• WORK TO COMPLETE
Take the data below and extract the lines from the one with "intros i Hi." to the one with "let py := rsum", inclusive, exactly as written.

• Collected data
Lemma xlog_ratio_scale l a b :
  0 <= l -> l * xlog_ratio a b = xlog_ratio (l * a) (l * b).
Proof.
  intros Hl; unfold xlog_ratio.
  destruct (Req_EM_T a 0) as [Ha|Ha]; destruct (Req_EM_T (l * a) 0) as [Hla|Hla].
  - ring.
  - exfalso; apply Hla; rewrite Ha; ring.
  - destruct (Rmult_integral _ _ Hla) as [->|]; [ring|contradiction].
  - assert (l <> 0) by (intros ->; apply Hla; ring).
    rewrite div_cancel_l by assumption; ring.
Qed.

Lemma ln_le_sub1 t : 0 < t -> ln t <= t - 1.
Proof.
  intros Ht; pose proof (exp_ineq1_le (ln t)) as H.
  rewrite exp_ln in H by exact Ht; lra.
Qed.

Lemma xlog_ratio_ge_tangent a b s :
  0 <= a -> 0 <= b -> (0 < a -> 0 < b) -> 0 < s ->
  a * ln s + a - b * s <= xlog_ratio a b.
Proof.
  intros Ha Hb Hab Hs; unfold xlog_ratio.
  destruct (Req_EM_T a 0) as [->|Ha0]; [nra|].
  assert (Ha' : 0 < a) by lra; specialize (Hab Ha').
  pose proof (ln_le_sub1 (b * s / a) ltac:(apply Rdiv_lt_0_compat; nra)) as Hl.
  unfold Rdiv in *.
  rewrite !ln_mult, ln_Rinv in * by (try apply Rinv_0_lt_compat; nra).
  assert (a * (b * s * / a) = b * s) by (field; lra).
  nra.
Qed.

Lemma log_sum_inequality M a b :
  (forall k, (k < M)%nat -> 0 <= a k /\ 0 <= b k /\ (0 < a k -> 0 < b k)) ->
  xlog_ratio (rsum M a) (rsum M b) <= rsum M (fun k => xlog_ratio (a k) (b k)).
Proof.
  intros H.
  assert (HA : 0 <= rsum M a) by (apply rsum_nonneg; intros; apply H; auto).
  destruct (Req_EM_T (rsum M a) 0) as [HA0|HA0].
  - assert (Hterms : forall k, (k < M)%nat -> xlog_ratio (a k) (b k) = 0).
    { intros k Hk.
      assert (a k <= rsum M a) by (apply rsum_ge_term; auto; intros; apply H; auto).
      assert (a k = 0) by (destruct (H k Hk); lra).
      unfold xlog_ratio; destruct (Req_EM_T (a k) 0); [reflexivity|contradiction]. }
    rewrite (rsum_ext _ _ _ Hterms), rsum_const0.
    unfold xlog_ratio; destruct (Req_EM_T (rsum M a) 0); [lra|contradiction].
  - destruct (rsum_pos_ex M a ltac:(lra)) as [k [Hk Hak]].
    assert (HB : 0 < rsum M b).
    { apply Rlt_le_trans with (b k); [apply H; auto|].
      apply rsum_ge_term; auto; intros; apply H; auto. }
    (* the tangent at s = (sum a) / (sum b) is exact for the sums *)
    set (s := rsum M a / rsum M b).
    assert (Hs : 0 < s) by (apply Rdiv_lt_0_compat; lra).
    assert (Hlin : forall N L t, rsum N (fun k => a k * L + a k - b k * t)
                                 = rsum N a * L + rsum N a - rsum N b * t).
    { intros N L t; induction N as [|N IH]; simpl; [|rewrite IH]; ring. }
    apply Rle_trans with (rsum M (fun k => a k * ln s + a k - b k * s)).
    + rewrite Hlin; unfold xlog_ratio.
      destruct (Req_EM_T (rsum M a) 0); [contradiction|].
      assert (rsum M b * s = rsum M a) by (unfold s; field; lra).
      fold s; lra.
    + apply rsum_le; intros i Hi.
      destruct (H i Hi) as [? [? ?]]; apply xlog_ratio_ge_tangent; auto.
Qed.

Definition mi_term (m : nat) (p : nat -> R) (q : nat -> nat -> R) (x y : nat) : R :=
  let pxy := p x * q x y in
  let py := rsum m (fun x' => p x' * q x' y) in
  if Req_EM_T pxy 0 then 0 else pxy * log2 (q x y / py).

Lemma mutual_info_mi_term m k p q :
  mutual_info m k p q = rsum m (fun x => rsum k (fun y => mi_term m p q x y)).
Proof. reflexivity. Qed.

Lemma ln2_pos : 0 < ln 2.
Proof. pose proof ln_lt_2; lra. Qed.

Lemma mi_term_xlog_ratio m p q x y :
  mi_term m p q x y
  = xlog_ratio (p x * q x y) (p x * rsum m (fun x' => p x' * q x' y)) / ln 2.
Proof.
  unfold mi_term, xlog_ratio, log2; pose proof ln2_pos.
  destruct (Req_EM_T (p x * q x y) 0) as [|Hpq]; [field; lra|].
  assert (p x <> 0) by (intros Hp; apply Hpq; rewrite Hp; ring).
  rewrite div_cancel_l by assumption; field; lra.
Qed.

• ANSWER TO THIS PROBLEM
    + apply rsum_le; intros i Hi.
      destruct (H i Hi) as [? [? ?]]; apply xlog_ratio_ge_tangent; auto.
Qed.

Definition mi_term (m : nat) (p : nat -> R) (q : nat -> nat -> R) (x y : nat) : R :=
  let pxy := p x * q x y in
  let py := rsum m (fun x' => p x' * q x' y) in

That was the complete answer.